_What is needed_:
Write out the data exactly from its first line onward, ending with the line in which "Lemma stay_aboveS (c" appears.

_Records for this exercise_:
Lemma integral_pker_cst (y : R) (r : \bar R) : \int[P y]_w cst r w = r.
Proof. exact/integral_cst_prob/prob_kernel. Qed.

Lemma kpow_ge0 (n : nat) (f : R -> \bar R) :
  (forall y, 0 <= f y) -> forall y, 0 <= kpow P n f y.
Proof. by move=> f0; elim: n => [|n IH] y //=; exact: integral_ge0. Qed.

Lemma measurable_kpow (n : nat) (f : R -> \bar R) :
  (forall y, 0 <= f y) -> measurable_fun [set: R] f ->
  measurable_fun [set: R] (kpow P n f).
Proof.
move=> f0 mf; elim: n => [|n IH] //=.
apply: (measurable_fun_integral_kernel (l := P)) => //; first exact: measurable_kernel.
exact: kpow_ge0.
Qed.

Lemma stay_aboveS (c : R) (N : nat) (y : R) : stay_above P c N.+1 y =
  \int[P y]_z ((\1_(`]c, +oo[) z)%:E * stay_above P c N z).
Proof. by []. Qed.

Lemma stay_above_ge0 (c : R) (N : nat) (y : R) : 0 <= stay_above P c N y.
Proof.
elim: N y => [|N IH] y //=; apply: integral_ge0 => z _.
by apply: mule_ge0; [exact: indic_EFin_ge0|exact: IH].
Qed.

Lemma indic_stay_above_ge0 (c : R) (N : nat) (z : R) :
  0 <= (\1_(`]c, +oo[) z)%:E * stay_above P c N z.
Proof. by apply: mule_ge0; [exact: indic_EFin_ge0|exact: stay_above_ge0]. Qed.

Lemma measurable_stay_above (c : R) (N : nat) :
  measurable_fun [set: R] (stay_above P c N).
Proof.
elim: N => [|N IH] //=.
apply: (measurable_fun_integral_kernel (l := P)); first exact: measurable_kernel.
- exact: indic_stay_above_ge0.
- by apply: emeasurable_funM => //; exact: measurable_indic_EFin.
Qed.

Lemma measurable_indic_stay_above (c : R) (N : nat) :
  measurable_fun [set: R] (fun z => (\1_(`]c, +oo[) z)%:E * stay_above P c N z).
Proof.
apply: emeasurable_funM; first exact: measurable_indic_EFin.
exact: measurable_stay_above.
Qed.

Lemma stay_above_le1 (c : R) (N : nat) (y : R) : stay_above P c N y <= 1.
Proof.
elim: N y => [|N IH] y //=.
rewrite -[leRHS](integral_pker_cst y); apply: ge0_le_integral => //.
- by move=> z _; exact: indic_stay_above_ge0.
- exact: measurable_indic_stay_above.
- move=> z _ /=; rewrite -(mule1 1); apply: lee_pmul; last exact: IH.
  + exact: indic_EFin_ge0.
  + exact: stay_above_ge0.
  + by rewrite lee_fin indicE; case: (_ \in _).
Qed.

Lemma stay_above_le_level (c c' : R) (N : nat) (y : R) : (c <= c')%R ->
  stay_above P c' N y <= stay_above P c N y.
Proof.
move=> cc'; elim: N y => [|N IH] y //=.
apply: ge0_le_integral => //.
- by move=> z _; exact: indic_stay_above_ge0.
- exact: measurable_indic_stay_above.
- exact: measurable_indic_stay_above.
- move=> z _; apply: lee_pmul; [exact: indic_EFin_ge0|exact: stay_above_ge0| |exact: IH].
  rewrite lee_fin !indicE !mem_setE !in_itv /= !andbT.
  by have [/(le_lt_trans cc') ->|] := ltP c' z.
Qed.

Lemma stay_aboveS_le (c : R) (N : nat) (y : R) :
  stay_above P c N.+1 y <= stay_above P c N y.
Proof.
elim: N y => [|N IH] y; first exact: stay_above_le1.
rewrite stay_aboveS [leRHS]stay_aboveS; apply: ge0_le_integral => //.
- by move=> z _; exact: indic_stay_above_ge0.
- exact: measurable_indic_stay_above.
- exact: measurable_indic_stay_above.
- by move=> z _; apply: lee_wpmul2l; [exact: indic_EFin_ge0|exact: IH].
Qed.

_Exercise answer_:
Lemma integral_pker_cst (y : R) (r : \bar R) : \int[P y]_w cst r w = r.
Proof. exact/integral_cst_prob/prob_kernel. Qed.

Lemma kpow_ge0 (n : nat) (f : R -> \bar R) :
  (forall y, 0 <= f y) -> forall y, 0 <= kpow P n f y.
Proof. by move=> f0; elim: n => [|n IH] y //=; exact: integral_ge0. Qed.

Lemma measurable_kpow (n : nat) (f : R -> \bar R) :
  (forall y, 0 <= f y) -> measurable_fun [set: R] f ->
  measurable_fun [set: R] (kpow P n f).
Proof.
move=> f0 mf; elim: n => [|n IH] //=.
apply: (measurable_fun_integral_kernel (l := P)) => //; first exact: measurable_kernel.
exact: kpow_ge0.
Qed.

Lemma stay_aboveS (c : R) (N : nat) (y : R) : stay_above P c N.+1 y =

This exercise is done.